Well in the context of Carrol's question my answer was analytical, and about language. I was not referring to any particular label, name or concept, just pointing out that behind some of Bateson's thought was the quasi-Kantian notion that we should not reduce the phenomena we are analyzing to the label, name, or concept. The label is not identical to the phenomena being labeled. This maybe an incomplete statement but I think it is basically correct.

Also the slogan on the banner might be wrong, even if the movement is somehow something that you support, in one way or another. Even the banner, or the slogan on the banner, may be a more or less good map for where the movement is trying to go. And to extend the metaphor ridiculously, even the slogan that points the way as a map, is not the territory that we cross to reach the goal, but it is hopefully a signpost that points us in the direction of the goal. ( No matter what you think of Lenin and Trotsky there ideas of how to use slogans seems to have been something along this lines. A slogan that doesn't lead anywhere, (increase of class solidarity, transition to socialist consciousness) was a slogan that they thought was deficient. In a certain sense and to a certain extent, putting aside the idea of analytical arguments, the same thing can be said of labels.

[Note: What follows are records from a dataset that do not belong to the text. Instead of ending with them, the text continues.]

(* Let $N=6$, $k=3$, $T=2$, $p_{11}=0.3$, $p_{01}=0.5$ (so $p_{11}<p_{01}$), and initial beliefs $(\omega_1,\dots,\omega_6)=(0.99,0.5,0.4,0.39,0.25,0.25)$. Consider the policy that senses channels $\{1,2,4\}$ in slot $1$ and, in slot $2$, senses three channels with the largest updated beliefs. Its expected total reward over the two slots is strictly larger than that of the myopic sensing policy, which senses $\{1,2,3\}$ in slot $1$ and three channels with the largest updated beliefs in slot $2$. In particular, the myopic sensing policy is not optimal in this instance.
   Context: Opportunistic spectrum access model. There are $N$ channels. The state $S_i(t)\in\{0,1\}$ of channel $i$ in slot $t$ (0 = busy, 1 = idle) evolves as a two-state discrete-time Markov chain with transition probabilities $p_{ij}=\Pr(S_i(t+1)=j\mid S_i(t)=i)$. The chains are independent across channels and all have the same transition probabilities $p_{01},p_{11}$. The initial states are independent with $\Pr(S_i(1)=1)=\omega_i$. In each slot, a user senses a set of exactly $k$ channels, chosen based on past actions and observations. It observes their states and obtains reward $1$ if at least one sensed channel is idle, and reward $0$ otherwise. The objective is the expected total reward over $T$ slots. Beliefs $\omega_i(t)$ (conditional probability that channel $i$ is idle in slot $t$) update as follows: $\omega_i(t+1)=p_{11}$ if $i$ was sensed and found idle; $\omega_i(t+1)=p_{01}$ if $i$ was sensed and found busy; and $\omega_i(t+1)=\tau(\omega_i(t))$ if $i$ was not sensed, where $\tau(\omega)=\omega p_{11}+(1-\omega)p_{01}$. The myopic sensing policy senses, in each slot, $k$ channels with the largest current beliefs. A policy is optimal if it maximizes the expected total reward. *)

From HB Require Import structures.
From mathcomp Require Import all_boot all_order all_algebra.
Set Implicit Arguments. Unset Strict Implicit. Unset Printing Implicit Defensive.
Import Order.TTheory GRing.Theory Num.Theory.
Local Open Scope ring_scope.

Section OSA.
Variable N : nat.

(* channel states in one slot: true = idle (1), false = busy (0) *)
Definition state := {ffun 'I_N -> bool}.
Definition obs := {ffun 'I_N -> option bool}.
Definition beliefs := 'I_N -> rat.

Definition tau (p01 p11 w : rat) : rat := w * p11 + (1 - w) * p01.

Definition prob_state (w : beliefs) (s : state) : rat :=
  \prod_(i < N) (if s i then w i else 1 - w i).

Definition observe (A : {set 'I_N}) (s : state) : obs :=
  [ffun i => if i \in A then Some (s i) else None].

Definition update (p01 p11 : rat) (w : beliefs) (A : {set 'I_N}) (s : state)
  : beliefs :=
  fun i => if i \in A then (if s i then p11 else p01) else tau p01 p11 (w i).

Definition exp_reward (w : beliefs) (B : {set 'I_N}) : rat :=
  1 - \prod_(j in B) (1 - w j).

Definition is_policy (k : nat) (A : {set 'I_N}) (f : obs -> {set 'I_N}) : Prop :=
  #|A| = k /\ forall o, #|f o| = k.

Definition value (p01 p11 : rat) (w : beliefs) (A : {set 'I_N})
  (f : obs -> {set 'I_N}) : rat :=
  \sum_(s : state) prob_state w s *
     ((([exists i in A, s i]) : bool)%:R
      + exp_reward (update p01 p11 w A s) (f (observe A s))).

Definition optimal (k : nat) (p01 p11 : rat) (w : beliefs) (A : {set 'I_N})
  (f : obs -> {set 'I_N}) : Prop :=
  is_policy k A f /\
  forall A' f', is_policy k A' f' -> value p01 p11 w A' f' <= value p01 p11 w A f.

Definition topk (k : nat) (w : beliefs) (B : {set 'I_N}) : Prop :=
  #|B| = k /\ forall i j, i \in B -> j \notin B -> w j <= w i.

Of course in the world of political struggle there is no clear separation between the analytical and the political, no clear distinction between maps and banners. (Perhaps only in certain areas of mathematics and physics can this distinction be maintained for a limited time. Even then, such notions as the Copenhagen Interpretation of QM were used as banners within the theory. And yet at some times you will just do analysis and at others you will make banners. It is sometimes hard to do them both at once. But I have always found hard to chew gum and walk at the same time, so this, maybe, is my own peculiar disability.)


> > In the context of "El Sur", which I was not thinking about when I was
> > replying to Carrol, it is important to remind ourselves that what ever
> > we name "El Sur", or "third world" countries, or "developing
> > countries" that the name itself usually comes out of a set of
> > assumptions, implicit or explicit, that we should unpack, in order not
> > to take the assumptions for granted (or even to accept the
> > assumptions) and in order not to put all of the countries in "one
> > basket" for every type of analysis or argument.
>
> It's not for us to name. It's for Hugo Chavez, et al. to name. For
> it is their political project.
> --

Perhaps I was too general in my use of the pronoun "we", in which case I am to be faulted on that ground of ambiguity. But the "we" in this case was simply the "we" who use the label, name, or concept, no matter where the label name, or concept originates.

We all use names. Therefore when ever "we) use names, (whom ever the pronoun "we" designates in any particular circumstance) it is good to know the implications, and assumptions of the labels, names, concepts we are using. You may say it is not for us to label or name, but some of us will still use the label or name, when ever it is used, and therefore we will still be stuck with the map/territory distinction, no matter if the name is a banner to rally around or a concept for analysis.

So here is another point. The assumptions behind a concept for analysis may be the same or different than the label used for a "banner" to rally around. What is good for a slogan might not always be good for analysis. What is good for banner should be good for at least a sign post, but might not be a good map. In any of these cases we should still unpack the distinctions between slogan and concept and realize when these notions are the same and when they should be different, and what are the assumptions and premises, in all cases. This to the best of our collective abilities. And we shouldn't confuse the label for the movement for the movement itself, the map for the territory.

Further, it is possible to support a movement without agreeing with all of the banners or slogans, or even that the names used by the movement are the best. Or in a different case, it is even possible to think that the labels used for the movement are the best without thinking that those labels are the most useful concepts for doing analysis.